Our preprocessing of these datasets followed previous studies (Wu et al., 2019; Gupta et al., 2019; Pan et al., 2020a) for fairness. We filtered out sessions with only one item and items that occurred fewer than five times. The sessions were split for training and testing, where the last day of Yoochoose and the last week of Diginetica were used for testing. Items that were not included in the training set were excluded from the testing set. Finally, we split the sessions into several sub-sequences. Specifically, for a session $S=[x_{1},\allowbreak x_{2},\allowbreak...,\allowbreak x_{\left|S\right|}]$ , where $x_{j}=\allowbreak(item,timestamp)$ denotes a pair of items and timestamps, we generated sub-sequences and the corresponding next interaction as $\{[x_{1}],x_{2}\},\allowbreak\{[x_{1},x_{2}],\allowbreak x_{3}\},...,\allowbreak\{[x_{1},x_{2},...,x_{\left|S\right|-1}],x_{\left|S\right|}\}$ for the training and testing sets. As Yoochoose is too large, we only utilized the recent 1/64 and 1/4 fractions of the training set, which are denoted as Yoochoose 1/64 and Yoochoose 1/4, respectively. Statistics for the three datasets are shown in Table 1.

5.1.2. Baselines

•

GRU4Rec (Hidasi et al., 2015) applied gated recurrent units (GRUs) to model sequential information in an SBR.
•

CSRM (Wang et al., 2019) employed GRUs to model sequential behavior with an attention mechanism and utilized neighbor sessions as auxiliary information.
•

STAMP (Liu et al., 2018) applied an attention mechanism to obtain the general preference.
•

SR-IEM (Pan et al., 2020b) utilized a modified self-attention mechanism to estimate item importance and recommended the next item based on the global preference and current interest.
•

SR-GNN (Wu et al., 2019) adopted GGNNs to obtain item embeddings and recommended by generating a session representation with an attention mechanism.
•

NISER+ (Gupta et al., 2019) extended SR-GNN by introducing $L_{2}$ normalization, positional embedding, and dropout.
•

SGNN-HN (Pan et al., 2020a) extended SR-GNN by introducing a highway gate to avoid overfitting and a star node, which is a virtual node connected with all nodes.

5.1.3. Evaluation Metrics

Following previous studies (Wu et al., 2019; Gupta et al., 2019; Pan et al., 2020a), we used the same evaluation metrics R@K (recall) and M@K (mean reciprocal rank), where K is 20 and 5. R@K represents the proportion of test instances that have the target items in the top-K recommended items. M@K is the average of the reciprocal ranks of the target items in the recommendation list.

5.1.4. Parameter Setup

We used the recent 10 items in a session to ensure fairness across all models. An Adam optimizer was adopted, where the initial learning rate is 0.001 with a decay factor of 0.1 for every 3 epochs, $\beta_{1}\!=\!0.9$ , and $\beta_{2}\!=\!0.999$ . In addition, the $L_{2}$ regularization rate was set to $1e^{-5}$ . The batch size was 100. All trainable parameters were initialized using a uniform distribution with a range of $\left[\frac{-1}{\sqrt{d}},\frac{1}{\sqrt{d}}\right]$ according to the dimension of each model. For our model, the dimension of the embeddings $d$ was set to 256, the scaling factor $\tau$ was 12, and the number of layers $L$ was 6. The numbers of buckets of TN and TE were 40 and 50, respectively. For the other settings of the baselines, we referred to the corresponding paper and official code.

5.2. Overall Performance

Overall performance comparison of the baselines on the three datasets was summarized in Table 2. This was measured using R@20, M@20, R@5, and M@5. First, if we analyze the difference in the performance of the datasets, it seems that Diginetica is more difficult to predict than Yoochoose. In addition, better performance is obtained when we use a larger training set for Yoochoose. However, the difference of 16 times the learning time and memory usage seems to be not as noticeable.

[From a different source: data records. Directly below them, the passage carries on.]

Lemma pe_reduce (R : word A -> Prop) (w : word A) : pres_eq R w (reduce w).
Proof.
  induction w as [|x w IH]; [apply pe_refl|].
  change (reduce (x :: w)) with (push x (reduce w)).
  pose proof (pe_ctx R _ _ IH [x] []) as Hx; rewrite !app_nil_r in Hx.
  eapply pe_trans; [exact Hx|].
  destruct (reduce w) as [|y s]; [apply pe_refl|]; simpl.
  destruct (letter_dec y (linv x)) as [->|_]; [|apply pe_refl].
  apply (pe_cancel R [] s x).
Qed.

Lemma free_eq_of_reduce (u v : word A) : reduce (u ++ winv v) = [] -> free_eq u v.
Proof.
  intros H.
  pose proof (pe_ctx _ _ _ (pe_reduce (fun _ => False) (u ++ winv v)) [] v) as P.
  rewrite H in P; simpl in P; rewrite <- app_assoc in P.
  eapply pe_trans; [|exact P].
  pose proof (pe_cancel_word (fun _ => False) (winv v) u []) as Q.
  rewrite winv_winv, !app_nil_r in Q.
  apply pe_sym, Q.
Qed.
End FreeReduction.

Section ActionInvariant.
Context {A C S : Type} (decC : forall a b : C, {a = b} + {a <> b}).
Variable step : S -> letter A -> S * word C.

Fixpoint run (t : S) (w : word A) : S * word C :=
  match w with
  | [] => (t, [])
  | x :: w' => let p := step t x in let q := run (fst p) w' in (fst q, snd p ++ snd q)
  end.

Lemma run_fst_app (t : S) (u v : word A) : fst (run t (u ++ v)) = fst (run (fst (run t u)) v).
Proof. revert t; induction u; intros; simpl; auto. Qed.

Lemma run_snd_app (t : S) (u v : word A) :
  snd (run t (u ++ v)) = snd (run t u) ++ snd (run (fst (run t u)) v).
Proof. revert t; induction u; intros; simpl; auto. rewrite IHu, app_assoc; reflexivity. Qed.

Hypothesis step_linv : forall t x,
  fst (step (fst (step t x)) (linv x)) = t /\
  snd (step (fst (step t x)) (linv x)) = winv (snd (step t x)).

Lemma run_winv (t : S) (w : word A) :
  fst (run (fst (run t w)) (winv w)) = t /\
  snd (run (fst (run t w)) (winv w)) = winv (snd (run t w)).
Proof.
  revert t; induction w as [|x w IH]; intros t; [split; reflexivity|].
  destruct (IH (fst (step t x))) as [H1 H2].
  destruct (step_linv t x) as [S1 S2].
  simpl; rewrite winv_cons, run_fst_app, run_snd_app, H1, H2; simpl.
  rewrite S1, S2, app_nil_r, winv_app; split; reflexivity.
Qed.

Lemma run_subst {B : Type} (img : B -> word A) (t0 : S) :
  (forall b, fst (run t0 (img b)) = t0) ->
  forall u, fst (run t0 (subst img u)) = t0 /\
            snd (run t0 (subst img u)) = subst (fun b => snd (run t0 (img b))) u.
Proof.
  intros Hfix; induction u as [|[b inv] u [IH1 IH2]]; [split; reflexivity|].
  change (subst img ((b, inv) :: u))
    with ((if inv then winv (img b) else img b) ++ subst img u).
  change (subst (fun b => snd (run t0 (img b))) ((b, inv) :: u))
    with ((if inv then winv (snd (run t0 (img b))) else snd (run t0 (img b)))
          ++ subst (fun b => snd (run t0 (img b))) u).
  rewrite run_fst_app, run_snd_app.
  destruct inv.
  - destruct (run_winv t0 (img b)) as [W1 W2]; rewrite Hfix in W1, W2.
    rewrite W1, W2, IH1, IH2; split; reflexivity.
  - rewrite Hfix, IH1, IH2; split; reflexivity.
Qed.

Definition observe (t : S) (w : word A) : S * word C :=
  (fst (run t w), reduce decC (snd (run t w))).

Lemma observe_delete (t : S) (u m v : word A) :
  fst (run (fst (run t u)) m) = fst (run t u) ->
  reduce decC (snd (run (fst (run t u)) m)) = [] ->
  observe t (u ++ m ++ v) = observe t (u ++ v).
Proof.
  intros Hfix Hnull; unfold observe.
  rewrite !run_snd_app, !run_fst_app, Hfix.
  f_equal; apply reduce_delete, Hnull.
Qed.

Variable R : word A -> Prop.
Hypothesis relator_trivial : forall t r,
  R r -> fst (run t r) = t /\ reduce decC (snd (run t r)) = [].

From among RNN-based models, CSRM outperforms GRU4Rec in all measures due to the addition of an attention mechanism to the GRU. It has better performance than STAMP, except for Yoochoose 1/4, for which both show similar results. Although SR-IEM based on a self-attention mechanism performs similarly to CSRM on Diginetica, it usually outperforms the previous models. SR-GNN, the first GNN-based method to be proposed, has similar performance to SR-IEM overall. NISER+, an extended version of SR-GNN, outperforms all previous results and shows a remarkable performance improvement, especially on Diginetica. SGNN-HN has the second rank performance in most of the measures in this experiment and shows the best performance among the baselines. However, our model outperforms the previous studies in all results. In particular, the improvements in terms of M@20 are notable, which is a measure that is difficult to improve compared to R@20 based on other results. Compared with SGNN-HN, the improvement rates of M@20 on the three datasets are 5.13%, 4.59%, and 2.67%, whereas those of R@20 are 1%, 0.82%, and 0.94%, respectively. Because mean reciprocal rank is a measure that considers the recommendation rank, we can recommend item lists with more sophisticated priorities by adding temporal information.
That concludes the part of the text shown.